Oh how she missed Kelsey in that moment. It made a little fist low down in her gut and squeezed, hard. Kelsey always spoke very graphically and specifically about things like this—with talk of bricks, and such—but she always had very graphic and specific ways of getting out of things, too.

Slide downward
, she would have said.
Slide downward until you’re out from between them, like you’re squeezing the last bit of toothpaste from the tube
.

However, before she got to any squeezing she had to first maneuver past a rather troubling obstacle.
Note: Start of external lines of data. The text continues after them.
Definition level_weight t (i : 'I_n) (x : bs n) : R :=
  (LO n x == i)%:R * dist R n M t (x, x, finset.set0).

Lemma level_weight_ge0 t i x : 0 <= level_weight t i x.
Proof. by rewrite mulr_ge0 ?ler0n ?dist_ge0. Qed.

Lemma level_weight_flip t (i p : 'I_n) : (i < p)%N ->
  \sum_x level_weight t i x * (p < LO n (flip n x i))%:R =
  \sum_x level_weight t i x * (LO n (flip n x i) == p)%:R.
Proof.
move=> ip; rewrite (reindex_inj (@flip_inj n p)); apply: eq_bigr => x _.
have [xp|px] := ltnP (LO n x) p.
  rewrite /level_weight LO_flip_above // flipC LO_flip_at.
  by have /= -> := dist_flip_state R M t (s := (x, x, finset.set0)) xp.
rewrite /level_weight.
have -> : (LO n x == i) = false by apply: gtn_eqF; apply: leq_trans px.
have -> : (LO n (flip n x p) == i) = false.
  by apply: gtn_eqF; apply: leq_trans ip _; rewrite LO_flip_ge.
by rewrite !mul0r.
Qed.

Lemma level_halving t (i : 'I_n) j : (i <= j)%N ->
  2 * \sum_x level_weight t i x * (j.+1 < LO n (flip n x i))%:R <=
  \sum_x level_weight t i x * (j < LO n (flip n x i))%:R.
Proof.
move=> ij; have [jn|nj] := ltnP j.+1 n; last first.
  rewrite big1 ?mulr0 => [|x _]; last by rewrite ltnNge (leq_trans (LO_le _) nj) mulr0.
  by apply: sumr_ge0 => x _; rewrite mulr_ge0 ?level_weight_ge0.
have split_j x : (j < LO n (flip n x i))%:R =
    (j.+1 < LO n (flip n x i))%:R + (LO n (flip n x i) == j.+1)%:R :> R.
  rewrite -natrD; congr _%:R; rewrite [(j < _)%N]leq_eqVlt eq_sym.
  by case: eqP => [->|]; rewrite ?ltnn ?addn0.
under [in leRHS]eq_bigr do rewrite split_j mulrDr.
rewrite big_split /= -(level_weight_flip t (p := Ordinal jn)) //=; lra.
Qed.

Definition gain : R := (M%:R - 1) / 4.

Lemma gain_ge0 : 0 <= gain.
Proof. by rewrite divr_ge0 ?subr_ge0 ?ler1n. Qed.

Lemma excess_lower t : 0 <= excess n M (tail_sum n (fun j => gain * j%:R)) t.
Proof.
set h := tail_sum n _.
rewrite /excess (sum_fresh (f := fun s => dist R n M t s * fresh_drift M h s)); last first.
  by move=> [[x z] F] /= /negbTE ->; rewrite mulr0.
have -> : \sum_x dist R n M t (x, x, finset.set0) * fresh_drift M h (x, x, finset.set0) =
    n%:R^-1 * \sum_(i < n) \sum_x level_weight t i x *
      (level_cost R n M i + h (LO n (flip n x i)) - h i).
  rewrite exchange_big mulr_sumr; apply: eq_bigr => x _ /=; rewrite !eqxx /= mulrCA; congr (_ * _).
  by rewrite mulr_sumr; apply: eq_bigr => i _; rewrite /level_weight /level_cost; ring.
rewrite mulr_ge0 ?invr_ge0 // sumr_ge0 // => i _.
set W := \sum_x level_weight t i x.
have W_ge0 : 0 <= W by apply: sumr_ge0 => x _; apply: level_weight_ge0.
have w_supp x : level_weight t i x != 0 -> (i < LO n (flip n x i))%N.
  by rewrite /level_weight LO_flip_at mulf_eq0 negb_or pnatr_eq0 eqb0 negbK => /andP [].
have loss := @tail_moment_bound _ _ (level_weight t i) (fun x => LO n (flip n x i)) n i gain
  gain_ge0 (level_weight_ge0 t i) w_supp (level_halving t (i := i)).
have gain_le : gain * (2 * i + 2)%:R * W <= level_cost R n M i * W.
  rewrite ler_wpM2r //.
  have := ler0n R i; have := ler0n R n; have : M%:R <= n%:R :> R by rewrite ler_nat.
  have : 0 <= i%:R * (M%:R - 1) :> R by rewrite mulr_ge0 ?ler0n ?subr_ge0 ?ler1n.
  by rewrite /gain /level_cost natrD natrM; lra.
have -> : \sum_x level_weight t i x * (level_cost R n M i + h (LO n (flip n x i)) - h i) =
    level_cost R n M i * W - \sum_x level_weight t i x * (h i - h (LO n (flip n x i))).
  by rewrite mulr_sumr -sumrB; apply: eq_bigr => x _; ring.
by rewrite subr_ge0 (le_trans loss).
Qed.

Lemma mass_sum_lower : (0 < n)%N ->
  exists T, tail_sum n (fun j => gain * j%:R) 0 / 4 <= \sum_(t < T) mass R n M t.
Proof.
move=> n_gt0; set h := tail_sum n _.
have a_ge0 j : 0 <= gain * j%:R by rewrite mulr_ge0 ?gain_ge0 ?ler0n.
have h_ge0 := tail_sum_ge0 n a_ge0.
have h_le_h0 q := tail_sum_nonincr n a_ge0 (leq0n q).
set T := Num.bound (M%:R + h 0); exists T.
have T_ge : M%:R + h 0 <= T%:R by apply/ltW/archi_boundP; rewrite addr_ge0 ?ler0n.
have mass_T : T%:R * mass R n M T <= \sum_(t < T) mass R n M t.
  have -> : T%:R * mass R n M T = \sum_(t < T) mass R n M T.
    by rewrite sumr_const card_ord mulr_natl.
  by apply: ler_sum => t _; apply/mass_nonincr/ltnW.
have excess_ge0 : 0 <= \sum_(t < T) excess n M h t by apply: sumr_ge0 => t _; apply: excess_lower.
have := Phi_telescope M_gt0 M_le_n T (tail_sum_n n (fun j => gain * j%:R)).
have := Phi_le_mass n M h_le_h0 T; have := ler_wpM2r (mass_ge0 R n M T) T_ge.
have := Phi0_ge M h_ge0 n_gt0; have := Phi_ge0 n M h_ge0 T.
rewrite sumrB /h; lra.
Qed.

End LowerBound.

Section Runtime.
Variables (R : realType) (n M : nat).

Lemma surv_ge0 t : 0 <= surv R n M t.
Proof. by case: t => [|t] //=; apply: mass_ge0. Qed.

Lemma surv_partial_sum T :
  \sum_(0 <= t < T.+1) surv R n M t = 1 + \sum_(t < T) mass R n M t.
Proof. by rewrite big_mkord big_ord_recl. Qed.

Let surv_EFin_ge0 k : (0 <= k)%N -> true -> (0 <= (surv R n M k)%:E)%E.
Proof. by rewrite lee_fin surv_ge0. Qed.

Lemma expected_runtime_ge T :
  ((1 + \sum_(t < T) mass R n M t)%:E <= expected_runtime R n M)%E.
Proof.
by rewrite -surv_partial_sum -sumEFin; apply: nneseries_lim_ge.
Qed.

Lemma expected_runtime_le (b : R) : (forall T, \sum_(t < T) mass R n M t <= b) ->
  (expected_runtime R n M <= (1 + b)%:E)%E.
Proof.
move=> mass_le; apply: lime_le (is_cvg_nneseries surv_EFin_ge0) _; apply: nearW => T.
rewrite sumEFin lee_fin; apply: le_trans (_ : _ <= \sum_(0 <= t < T.+1) surv R n M t) _.
  by rewrite big_nat_recr //= lerDl surv_ge0.
by rewrite surv_partial_sum lerD2l.
Qed.

End Runtime.

Lemma sum_natr_id (R : numDomainType) m :
  2 * \sum_(0 <= j < m) (j%:R : R) = m%:R * (m%:R - 1).
Proof.
elim: m => [|m IH]; first by rewrite big_geq // mulr0 mul0r.
by rewrite big_nat_recr //= mulrDr IH -natr1; ring.
Qed.

Section Bounds.
Variables (R : realType) (n M : nat).
Hypotheses (M_gt0 : (0 < M)%N) (M_le_n : (M <= n)%N) (n_gt0 : (0 < n)%N).

Lemma expected_runtime_upper : (expected_runtime R n M <= (3 * n%:R ^+ 3)%:E)%E.
Proof.
apply: le_trans (expected_runtime_le (mass_sum_upper R M_gt0 M_le_n)) _.
have := level_cost_sum_le R M_gt0 M_le_n n_gt0.
have : 1 <= n%:R ^+ 3 :> R by rewrite exprn_ege1 ?ler1n.
by rewrite lee_fin; lra.
Qed.

Lemma expected_runtime_lower :
  (((M%:R - 1) * n%:R * (n%:R - 1) / 32)%:E <= expected_runtime R n M)%E.
Proof.
have [T mass_ge] := mass_sum_lower R M_gt0 M_le_n n_gt0.
apply: le_trans (expected_runtime_ge R n M T); rewrite lee_fin.
rewrite /tail_sum -mulr_sumr /gain in mass_ge.
by rewrite -[(M%:R - 1) * n%:R * _]mulrA -sum_natr_id; lra.
Qed.

End Bounds.

Lemma cubic_lower_bound (R : realFieldType) (c x : R) : 2 <= x -> 2 <= c * x ->
  c / 128 * x ^+ 3 <= (c * x - 1) * x * (x - 1) / 32.
Proof.
move=> x_ge2 cx_ge2.
have prod : c * x / 2 * (x / 2) <= (c * x - 1) * (x - 1) by apply: ler_pM; lra.
have x32 : 0 <= x / 32 by lra.
have := ler_wpM2r x32 prod.
by rewrite -!mulrA !exprS expr0; lra.
Qed.

Theorem theorem4 (R : realType) (c : R) (hc0 : 0 < c) (hc1 : c <= 1) :
  exists (a b : R), [/\ 0 < a, 0 < b &
    exists N : nat, forall n M : nat, (N <= n)%N -> M%:R = c * n%:R ->
      ((a * n%:R ^+ 3)%:E <= expected_runtime R n M <= (b * n%:R ^+ 3)%:E)%E].
Proof.
exists (c / 128), 3; split => //; first by rewrite divr_gt0.
pose N := Num.bound (2 / c); exists N.+2 => n M N_le_n M_eq.
have n_gt0 : (0 < n)%N by apply: leq_trans N_le_n.
have n_ge2 : 2 <= n%:R :> R by rewrite (ler_nat R 2); lia.
have n_large : 2 / c <= n%:R.
  apply/ltW/(lt_le_trans (archi_boundP _)); first by rewrite divr_ge0 ?ltW.
  by rewrite ler_nat; lia.
have cn_ge2 : 2 <= c * n%:R by rewrite -ler_pdivrMl // mulrC.
have M_gt0 : (0 < M)%N by rewrite -(ltr_nat R) M_eq; lra.
have M_le_n : (M <= n)%N by rewrite -(ler_nat R) M_eq ler_piMl.
rewrite expected_runtime_upper // andbT.
apply: le_trans (expected_runtime_lower R M_gt0 M_le_n n_gt0); rewrite lee_fin M_eq.
exact: cubic_lower_bound.
Qed.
The big, blond one had not only plastered himself right up against her side, he’d also slung his arm across her chest—like a burglar alarm, just waiting to alert him when she moved.

But oh she was slyer than he clearly gave her credit for. Did he really think she’d avoided the zombies by being slow and obvious? She’d stuck herself in the tiniest corners and gotten out of the tightest spots, and she could do it again, here.

If she could just inch her fingers under his arm, without pulling on too many of the hairs. That was the trick. And once that was done, all she had to do was lift his arm a little way above her, and creep downward.

No sense moving his arm any more than she had to—better that she moved, and kept him still and hovering above her. She squirmed and slid and held, squirmed and slid and held, and almost started to feel proud of herself until her arms began quaking.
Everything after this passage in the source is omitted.